(DATA SHOWN):
(* In the setting of the context, the elliptic Euler–Moulton solution $q_i(t)=r(t)R(\theta(t))a_i$, $p_i=m_i\dot q_i$ ($1\le i\le n$), corresponds in the barred coordinates to the constant solution $$\xi_0:\quad \bar Z=(0,\sigma)^T,\ \bar z=(\sigma,0)^T,\ \bar W_l=\bar w_l=(0,0)^T\ (1\le l\le n-2)$$ of Hamilton's equations of $\bar H$. Moreover the Hessian $B(\theta)$ of $\bar H(\theta,\cdot)$ with respect to $(\bar Z,\bar W_1,\dots,\bar W_{n-2},\bar z,\bar w_1,\dots,\bar w_{n-2})$ at $\xi_0$ has the following $2\times2$ blocks: $\bar H_{\bar Z\bar Z}=\bar H_{\bar W_l\bar W_l}=I_2$; $\bar H_{\bar Z\bar z}=\bar H_{\bar W_l\bar w_l}=-J$; $\bar H_{\bar z\bar Z}=\bar H_{\bar w_l\bar W_l}=J$; $$\bar H_{\bar z\bar z}=\begin{pmatrix}-\frac{2-e\cos\theta}{1+e\cos\theta}&0\\0&1\end{pmatrix},\qquad \bar H_{\bar w_l\bar w_l}=\begin{pmatrix}-\frac{2\beta_l+2-e\cos\theta}{1+e\cos\theta}&0\\0&\frac{\beta_l+1+e\cos\theta}{1+e\cos\theta}\end{pmatrix}\ (1\le l\le n-2),$$ with $\beta_l=-\lambda_{l+2}/\mu$, and all other blocks (in particular $\bar H_{\bar z\bar w_l}$, $\bar H_{\bar w_l\bar w_s}$ for $l\ne s$, $\bar H_{\bar Z\bar W_l}$, $\bar H_{\bar Z\bar w_l}$, etc.) are zero. Hence the linearized Hamiltonian system at $\xi_0$ has quadratic Hamiltonian $$H_2=\tfrac12|\bar Z|^2+\bar z\cdot J\bar Z+\tfrac12\bar z^T\bar H_{\bar z\bar z}\bar z+\sum_{l=1}^{n-2}\Big(\tfrac12|\bar W_l|^2+\bar w_l\cdot J\bar W_l+\tfrac12\bar w_l^T\bar H_{\bar w_l\bar w_l}\bar w_l\Big).$$
   Context: Masses $m_i>0$, $\sum m_i=1$; $a_i=(a_{ix},0)^T$ with $a_{1x}<\dots<a_{nx}$ the collinear central configuration normalized by $\sum m_ia_{ix}=0$, $\sum m_ia_{ix}^2=1$, satisfying $\sum_{j\ne i}m_j(a_{jx}-a_{ix})/|a_{jx}-a_{ix}|^3=\mu a_{ix}$, $\mu=\sum_{i<j}m_im_j/|a_{ix}-a_{jx}|$. $\tilde M=\mathrm{diag}(m_i)$, $B_{ij}=m_im_j/|a_{ix}-a_{jx}|^3$ ($i\ne j$), $B_{ii}=-\sum_{j\ne i}B_{ij}$, $D=\mu I_n+\tilde M^{-1}B$ with eigenvalues $\mu>0\ge\lambda_3\ge\dots\ge\lambda_n$ (besides $\mu$ and $0$), and eigenvectors $v_k=(b_{1k},\dots,b_{nk})^T$ for $\lambda_k$ ($3\le k\le n$) with $v_i^T\tilde Mv_j=\delta_{ij}$ together with $v_1=(1,\dots,1)^T$, $v_2=(a_{1x},\dots,a_{nx})^T$. $U(z,w_1,\dots,w_{n-2})=\sum_{i<j}m_im_j/|(a_{ix}-a_{jx})z+\sum_{k=3}^n(b_{ik}-b_{jk})w_{k-2}|$. $e\in[0,1)$, $p>0$, $\sigma=(\mu p)^{1/4}$, $r(t)=p/(1+e\cos\theta(t))$ with $r^2\dot\theta=\sigma^2$; the barred coordinates are defined from $q_i=a_{ix}z+\sum_kb_{ik}w_{k-2}$, $p_i=m_i(a_{ix}Z+\sum_kb_{ik}W_{k-2})$ by $x=\frac{r}{\sigma}R(\theta)\bar x$, $X=R(\theta)(\frac{\sigma}{r}\bar X+\frac{\dot r}{\sigma}\bar x)$ for $(x,X)\in\{(z,Z),(w_l,W_l)\}$, with $\theta$ as independent variable and Hamiltonian $\bar H=\tfrac12(|\bar Z|^2+\sum|\bar W_k|^2)+(\bar z\cdot J\bar Z+\sum\bar w_k\cdot J\bar W_k)+\frac{p-r(\theta)}{2p}(|\bar z|^2+\sum|\bar w_k|^2)-\frac{r(\theta)}{\sigma}U(\bar z,\bar w)$, $r(\theta)=p/(1+e\cos\theta)$. $J=\begin{pmatrix}0&-1\\1&0\end{pmatrix}$, $R(\theta)$ the rotation matrix by $\theta$. *)

From Stdlib Require Import Reals Lra List.
Open Scope R_scope.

(TASK BRIEF): Retype each line of the data exactly as it reads.

(RESULT BELOW):
(* In the setting of the context, the elliptic Euler–Moulton solution $q_i(t)=r(t)R(\theta(t))a_i$, $p_i=m_i\dot q_i$ ($1\le i\le n$), corresponds in the barred coordinates to the constant solution $$\xi_0:\quad \bar Z=(0,\sigma)^T,\ \bar z=(\sigma,0)^T,\ \bar W_l=\bar w_l=(0,0)^T\ (1\le l\le n-2)$$ of Hamilton's equations of $\bar H$. Moreover the Hessian $B(\theta)$ of $\bar H(\theta,\cdot)$ with respect to $(\bar Z,\bar W_1,\dots,\bar W_{n-2},\bar z,\bar w_1,\dots,\bar w_{n-2})$ at $\xi_0$ has the following $2\times2$ blocks: $\bar H_{\bar Z\bar Z}=\bar H_{\bar W_l\bar W_l}=I_2$; $\bar H_{\bar Z\bar z}=\bar H_{\bar W_l\bar w_l}=-J$; $\bar H_{\bar z\bar Z}=\bar H_{\bar w_l\bar W_l}=J$; $$\bar H_{\bar z\bar z}=\begin{pmatrix}-\frac{2-e\cos\theta}{1+e\cos\theta}&0\\0&1\end{pmatrix},\qquad \bar H_{\bar w_l\bar w_l}=\begin{pmatrix}-\frac{2\beta_l+2-e\cos\theta}{1+e\cos\theta}&0\\0&\frac{\beta_l+1+e\cos\theta}{1+e\cos\theta}\end{pmatrix}\ (1\le l\le n-2),$$ with $\beta_l=-\lambda_{l+2}/\mu$, and all other blocks (in particular $\bar H_{\bar z\bar w_l}$, $\bar H_{\bar w_l\bar w_s}$ for $l\ne s$, $\bar H_{\bar Z\bar W_l}$, $\bar H_{\bar Z\bar w_l}$, etc.) are zero. Hence the linearized Hamiltonian system at $\xi_0$ has quadratic Hamiltonian $$H_2=\tfrac12|\bar Z|^2+\bar z\cdot J\bar Z+\tfrac12\bar z^T\bar H_{\bar z\bar z}\bar z+\sum_{l=1}^{n-2}\Big(\tfrac12|\bar W_l|^2+\bar w_l\cdot J\bar W_l+\tfrac12\bar w_l^T\bar H_{\bar w_l\bar w_l}\bar w_l\Big).$$
   Context: Masses $m_i>0$, $\sum m_i=1$; $a_i=(a_{ix},0)^T$ with $a_{1x}<\dots<a_{nx}$ the collinear central configuration normalized by $\sum m_ia_{ix}=0$, $\sum m_ia_{ix}^2=1$, satisfying $\sum_{j\ne i}m_j(a_{jx}-a_{ix})/|a_{jx}-a_{ix}|^3=\mu a_{ix}$, $\mu=\sum_{i<j}m_im_j/|a_{ix}-a_{jx}|$. $\tilde M=\mathrm{diag}(m_i)$, $B_{ij}=m_im_j/|a_{ix}-a_{jx}|^3$ ($i\ne j$), $B_{ii}=-\sum_{j\ne i}B_{ij}$, $D=\mu I_n+\tilde M^{-1}B$ with eigenvalues $\mu>0\ge\lambda_3\ge\dots\ge\lambda_n$ (besides $\mu$ and $0$), and eigenvectors $v_k=(b_{1k},\dots,b_{nk})^T$ for $\lambda_k$ ($3\le k\le n$) with $v_i^T\tilde Mv_j=\delta_{ij}$ together with $v_1=(1,\dots,1)^T$, $v_2=(a_{1x},\dots,a_{nx})^T$. $U(z,w_1,\dots,w_{n-2})=\sum_{i<j}m_im_j/|(a_{ix}-a_{jx})z+\sum_{k=3}^n(b_{ik}-b_{jk})w_{k-2}|$. $e\in[0,1)$, $p>0$, $\sigma=(\mu p)^{1/4}$, $r(t)=p/(1+e\cos\theta(t))$ with $r^2\dot\theta=\sigma^2$; the barred coordinates are defined from $q_i=a_{ix}z+\sum_kb_{ik}w_{k-2}$, $p_i=m_i(a_{ix}Z+\sum_kb_{ik}W_{k-2})$ by $x=\frac{r}{\sigma}R(\theta)\bar x$, $X=R(\theta)(\frac{\sigma}{r}\bar X+\frac{\dot r}{\sigma}\bar x)$ for $(x,X)\in\{(z,Z),(w_l,W_l)\}$, with $\theta$ as independent variable and Hamiltonian $\bar H=\tfrac12(|\bar Z|^2+\sum|\bar W_k|^2)+(\bar z\cdot J\bar Z+\sum\bar w_k\cdot J\bar W_k)+\frac{p-r(\theta)}{2p}(|\bar z|^2+\sum|\bar w_k|^2)-\frac{r(\theta)}{\sigma}U(\bar z,\bar w)$, $r(\theta)=p/(1+e\cos\theta)$. $J=\begin{pmatrix}0&-1\\1&0\end{pmatrix}$, $R(\theta)$ the rotation matrix by $\theta$. *)

From Stdlib Require Import Reals Lra List.
Open Scope R_scope.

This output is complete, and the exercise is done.